Automatisiertes Content-Generierungssystem ("NISI"): Entwicklung eines KI-gestützten Systems zur Automatisierung der Customer Journey, des Verkaufs und der Markenbildung. Erstellung von KI-generierten Artikeln aus Kundeninterviews mit LangChain, LangGraph und OpenAI-API, was zu 54 neuen Nutzeranmeldungen führte und Feedback sowie Produktentdeckung erleichterte. Genutzte Technologien: Python, Git, CI/CD, Docker, Machine Learning, LLM, LangChain, LangGraph, LangSmith, OpenAI, Open-Source-Entwicklung, Google Cloud, ChatGPT.
Tool zur Geschäftswertschätzung: Entwicklung eines Tools zur Analyse von Repositories und Zuweisung von Geschäftswerten, das Priorisierung und Risikomanagement unterstützt. Das Tool kombiniert verschiedene KI-Komponenten in einem Graphen. Genutzte Technologien: Python, Git, CI/CD, RESTful API, Docker, Machine Learning, LLM, LangChain, LangGraph, LangSmith, OpenAI, Cybersecurity, Open-Source-Entwicklung, Google Cloud, ChatGPT.

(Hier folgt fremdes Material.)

(* Let $G$ be a group, $\phi\in\mathrm{Aut}(G)$, $K\subseteq G\rtimes_\phi\mathbb{Z}$ and $t^rg\in G\rtimes_\phi\mathbb{Z}$ (with $r\in\mathbb{Z}$, $g\in G$). For $m\in\mathbb{Z}$ put $K_m=\{x\in G\mid t^mx\in K\}$. (i) If $r=0$, then $g$ is conjugate in $G\rtimes_\phi\mathbb{Z}$ to an element of $K$ if and only if there exists $k\in\mathbb{Z}$ such that $\phi^k(g)$ is conjugate in $G$ to an element of $K_0$. (ii) If $r\neq 0$, then $t^rg$ is conjugate in $G\rtimes_\phi\mathbb{Z}$ to an element of $K$ if and only if there exist $j\in\{0,1,\ldots,|r|-1\}$ and $z\in G$ such that $\phi^r(z)^{-1}\,\phi^j(g)\,z\in K_r$.
   Context: $G\rtimes_\phi\mathbb{Z}$ denotes the group generated by $G$ and a letter $t$ subject to the relations of $G$ and $t^{-1}at=\phi(a)$ for $a\in G$; every element is uniquely of the form $t^ag$ with $a\in\mathbb{Z}$, $g\in G$. The paper phrases the result as an equivalence of decision problems: $GCP_{(K,t^rg)}(G\rtimes_\phi\mathbb{Z})$ (does $t^rg$ have a conjugate in $K$) is equivalent to $GBrCP_{(K_0,\phi,g)}(G)$ when $r=0$, and to the disjunction over $j$ of $GTCP_{(K_r,\phi^r,\phi^j(g))}(G)$ (does $\phi^j(g)$ have a $\phi^r$-twisted conjugate $\phi^r(z)^{-1}\phi^j(g)z$ in $K_r$) when $r\neq0$. *)

From Stdlib Require Import ZArith.
Open Scope Z_scope.

Record Group := {
  carrier :> Type;
  gmul : carrier -> carrier -> carrier;
  gone : carrier;
  ginv : carrier -> carrier;
  gmulA : forall x y z, gmul x (gmul y z) = gmul (gmul x y) z;
  gmul1 : forall x, gmul gone x = x;
  gmulV : forall x, gmul (ginv x) x = gone
}.

Arguments gmul {G} : rename.
Arguments gone {G} : rename.
Arguments ginv {G} : rename.

Record Aut (G : Group) := {
  aut :> G -> G;
  aut_inv : G -> G;
  aut_mul : forall x y, aut (gmul x y) = gmul (aut x) (aut y);
  aut_K : forall x, aut_inv (aut x) = x;
  aut_invK : forall x, aut (aut_inv x) = x
}.

Arguments aut_inv {G}.

Definition autpow {G : Group} (phi : Aut G) (k : Z) : G -> G :=
  fun x => if (0 <=? k) then Nat.iter (Z.to_nat k) (aut G phi) x
           else Nat.iter (Z.to_nat (- k)) (aut_inv phi) x.

(* The semidirect product G x|_phi Z: the pair (a, g) represents t^a g,
   with t^{-1} x t = phi(x), so (t^a g)(t^b h) = t^(a+b) phi^b(g) h. *)
Definition sd_elt (G : Group) := (Z * G)%type.

Definition sd_mul {G : Group} (phi : Aut G) (x y : sd_elt G) : sd_elt G :=
  (fst x + fst y, gmul (autpow phi (fst y) (snd x)) (snd y)).

Definition sd_inv {G : Group} (phi : Aut G) (x : sd_elt G) : sd_elt G :=
  (- fst x, autpow phi (- fst x) (ginv (snd x))).

Definition sd_conj_into {G : Group} (phi : Aut G) (x : sd_elt G)
  (K : sd_elt G -> Prop) : Prop :=
  exists w : sd_elt G, K (sd_mul phi (sd_mul phi (sd_inv phi w) x) w).

Definition conj_into {G : Group} (x : G) (L : G -> Prop) : Prop :=
  exists z : G, L (gmul (gmul (ginv z) x) z).

Definition slice {G : Group} (K : sd_elt G -> Prop) (m : Z) : G -> Prop :=
  fun x => K (m, x).

(** Conjugating [t^r g] by [t^c z] gives [t^r phi^r(z)^-1 phi^c(g) z], so [t^r g]
    is conjugate into [K] iff some [phi^c(g)] is [phi^r]-twisted conjugate into
    [K_r].  For [r = 0] twisted conjugacy is ordinary conjugacy.  For [r <> 0],
    since [phi^(c+r)(g) = phi^r(phi^c(g))] and [phi^r(x)] is [phi^r]-twisted
    conjugate to [x] for every [x], only [c] modulo [|r|] matters. *)

From Stdlib Require Import ZArith Lia.
Open Scope Z_scope.

Section GroupFacts.

Variable G : Group.
Implicit Types x y z : G.

Lemma gmulxV x : gmul x (ginv x) = gone.
Proof.
  set (y := ginv x).
  rewrite <- (gmul1 G (gmul x y)), <- (gmulV G y) at 1.
  rewrite <- gmulA, (gmulA G y x y).
  unfold y at 2 3. rewrite gmulV, gmul1. apply gmulV.
Qed.

Lemma gmulx1 x : gmul x gone = x.
Proof. rewrite <- (gmulV G x), gmulA, gmulxV, gmul1. reflexivity. Qed.

Lemma gmulI x y z : gmul x y = gmul x z -> y = z.
Proof.
  intro E. rewrite <- (gmul1 G y), <- (gmul1 G z), <- (gmulV G x), <- !gmulA, E.
  reflexivity.
Qed.

Lemma ginv_unique x y : gmul x y = gone -> x = ginv y.
Proof.
  intro E. rewrite <- (gmulx1 x), <- (gmulxV y), gmulA, E, gmul1. reflexivity.
Qed.

Lemma ginvM x y : ginv (gmul x y) = gmul (ginv y) (ginv x).
Proof.
  symmetry. apply ginv_unique.
  rewrite <- gmulA, (gmulA G (ginv x) x y), gmulV, gmul1, gmulV. reflexivity.
Qed.

Lemma ginvK x : ginv (ginv x) = x.
Proof. symmetry. apply ginv_unique, gmulxV. Qed.

Section Morphism.

Variable psi : G -> G.
Hypothesis psiM : forall x y, psi (gmul x y) = gmul (psi x) (psi y).

Lemma morph1 : psi gone = gone.
Proof.
  symmetry. apply (gmulI (psi gone)).
  rewrite <- psiM, gmul1, gmulx1. reflexivity.
Qed.

Lemma morphV x : psi (ginv x) = ginv (psi x).
Proof. apply ginv_unique. rewrite <- psiM, gmulV. apply morph1. Qed.

Definition twconj x z : G := gmul (gmul (ginv (psi z)) x) z.

Definition twisted_conj_into x (L : G -> Prop) : Prop := exists z, L (twconj x z).

Lemma twconj_morph x z : twconj (psi x) z = twconj x (gmul (ginv x) z).
Proof.
  unfold twconj. rewrite psiM, morphV, ginvM, ginvK, <- !gmulA.
  rewrite (gmulA G x (ginv x) z), gmulxV, gmul1. reflexivity.
Qed.

Lemma twisted_conj_into_morph x L :
  twisted_conj_into (psi x) L <-> twisted_conj_into x L.
Proof.
  split; intros [z Hz].
  - exists (gmul (ginv x) z). rewrite <- twconj_morph. exact Hz.
  - exists (gmul x z). rewrite twconj_morph, gmulA, gmulV, gmul1. exact Hz.
Qed.

End Morphism.

End GroupFacts.

Arguments twconj {G}.
Arguments twisted_conj_into {G}.

Section AutPower.

Variables (G : Group) (phi : Aut G).

Lemma autpowS k x : autpow phi (k + 1) x = phi (autpow phi k x).
Proof.
  unfold autpow.
  destruct (Z.leb_spec 0 k).
  - rewrite (proj2 (Z.leb_le 0 (k + 1))) by lia.
    replace (Z.to_nat (k + 1)) with (S (Z.to_nat k)) by lia. reflexivity.
  - destruct (Z.eq_dec k (-1)) as [->|].
    + simpl. rewrite aut_invK. reflexivity.
    + rewrite (proj2 (Z.leb_gt 0 (k + 1))) by lia.
      replace (Z.to_nat (- k)) with (S (Z.to_nat (- (k + 1)))) by lia.
      simpl. rewrite aut_invK. reflexivity.
Qed.

Lemma autpowP k x : autpow phi (k - 1) x = aut_inv phi (autpow phi k x).
Proof.
  replace k with (k - 1 + 1) at 2 by lia. rewrite autpowS, aut_K. reflexivity.
Qed.

Lemma autpowD a b x : autpow phi a (autpow phi b x) = autpow phi (a + b) x.
Proof.
  revert x. induction a using Z.peano_ind; intro x.
  - reflexivity.
  - rewrite <- Z.add_1_r, autpowS, IHa.
    replace (a + 1 + b) with (a + b + 1) by lia. rewrite autpowS. reflexivity.
  - rewrite <- Z.sub_1_r, autpowP, IHa.
    replace (a - 1 + b) with (a + b - 1) by lia. rewrite autpowP. reflexivity.
Qed.

Lemma aut_invM x y :
  aut_inv phi (gmul x y) = gmul (aut_inv phi x) (aut_inv phi y).
Proof.
  rewrite <- (aut_invK G phi x) at 1. rewrite <- (aut_invK G phi y) at 1.
  rewrite <- aut_mul, aut_K. reflexivity.
Qed.

Lemma autpowM k x y :
  autpow phi k (gmul x y) = gmul (autpow phi k x) (autpow phi k y).
Proof.
  induction k using Z.peano_ind.
  - reflexivity.
  - rewrite <- Z.add_1_r, !autpowS, IHk, aut_mul. reflexivity.
  - rewrite <- Z.sub_1_r, !autpowP, IHk, aut_invM. reflexivity.
Qed.

Lemma sd_conj_pair c z r g :
  sd_mul phi (sd_mul phi (sd_inv phi (c, z)) (r, g)) (c, z) =
  (r, twconj (autpow phi r) (autpow phi c g) z).
Proof.
  unfold sd_mul, sd_inv, twconj; simpl. f_equal; [lia|].
  rewrite autpowM, !autpowD, (morphV G _ (autpowM _)).
  replace (c + r + - c) with r by lia.
  replace (c + r + (- c + - r)) with 0 by lia. reflexivity.
Qed.

Lemma sd_conj_into_slice K r g :
  sd_conj_into phi (r, g) K <->
  exists c, twisted_conj_into (autpow phi r) (autpow phi c g) (slice K r).
Proof.
  unfold sd_conj_into, twisted_conj_into, slice. split.
  - intros [[c z] H]. rewrite sd_conj_pair in H. eauto.
  - intros [c [z H]]. exists (c, z). rewrite sd_conj_pair. exact H.
Qed.

End AutPower.

Lemma exists_periodic_mod (P : Z -> Prop) (r : Z) :
  r <> 0 -> (forall c, P (c + r) <-> P c) ->
  (exists c, P c) <-> exists j, 0 <= j < Z.abs r /\ P j.
Proof.
  intros Hr Pr.
  assert (Pn : forall n c, P (c + r * n) <-> P c).
  { induction n using Z.peano_ind; intro c.
    - rewrite Z.mul_0_r, Z.add_0_r. reflexivity.
    - replace (c + r * Z.succ n) with (c + r * n + r) by lia.
      rewrite Pr. apply IHn.
    - rewrite <- (Pr (c + r * Z.pred n)).
      replace (c + r * Z.pred n + r) with (c + r * n) by lia. apply IHn. }
  split; [|intros [j [_ Pj]]; eauto].
  intros [c Pc]. exists (c mod Z.abs r).
  split; [apply Z.mod_pos_bound; lia|].
  assert (Hc : c = c mod Z.abs r + r * (Z.sgn r * (c / Z.abs r))).
  { rewrite Z.mul_assoc, Z.sgn_abs, Z.add_comm. apply Z.div_mod. lia. }
  rewrite <- Pn, <- Hc. exact Pc.
Qed.

Theorem theorem3p1 (G : Group) (phi : Aut G) (K : sd_elt G -> Prop)
  (r : Z) (g : G) :
  (r = 0 ->
     (sd_conj_into phi (0, g) K <->
      exists k : Z, conj_into (autpow phi k g) (slice K 0))) /\
  (r <> 0 ->
     (sd_conj_into phi (r, g) K <->
      exists j : Z, 0 <= j < Z.abs r /\
        exists z : G,
          slice K r (gmul (gmul (ginv (autpow phi r z)) (autpow phi j g)) z))).
Proof.
  split.
  - intros _. apply sd_conj_into_slice.
  - intros Hr. rewrite sd_conj_into_slice. apply exists_periodic_mod; [exact Hr|].
    intro c. rewrite (Z.add_comm c r), <- autpowD.
    exact (twisted_conj_into_morph G _ (autpowM G phi r) _ _).
Qed.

Automatisierte Risikominderung: Implementierung automatisierter Risikominderung mit KI, wodurch mehrere Risiken im Produkt beseitigt wurden. Genutzte Technologien: Python, Git, Docker, CI/CD, Machine Learning, LLM, LangChain, LangGraph, LangSmith, OpenAI, Neo4j, Cybersecurity, Open-Source-Entwicklung, ChatGPT.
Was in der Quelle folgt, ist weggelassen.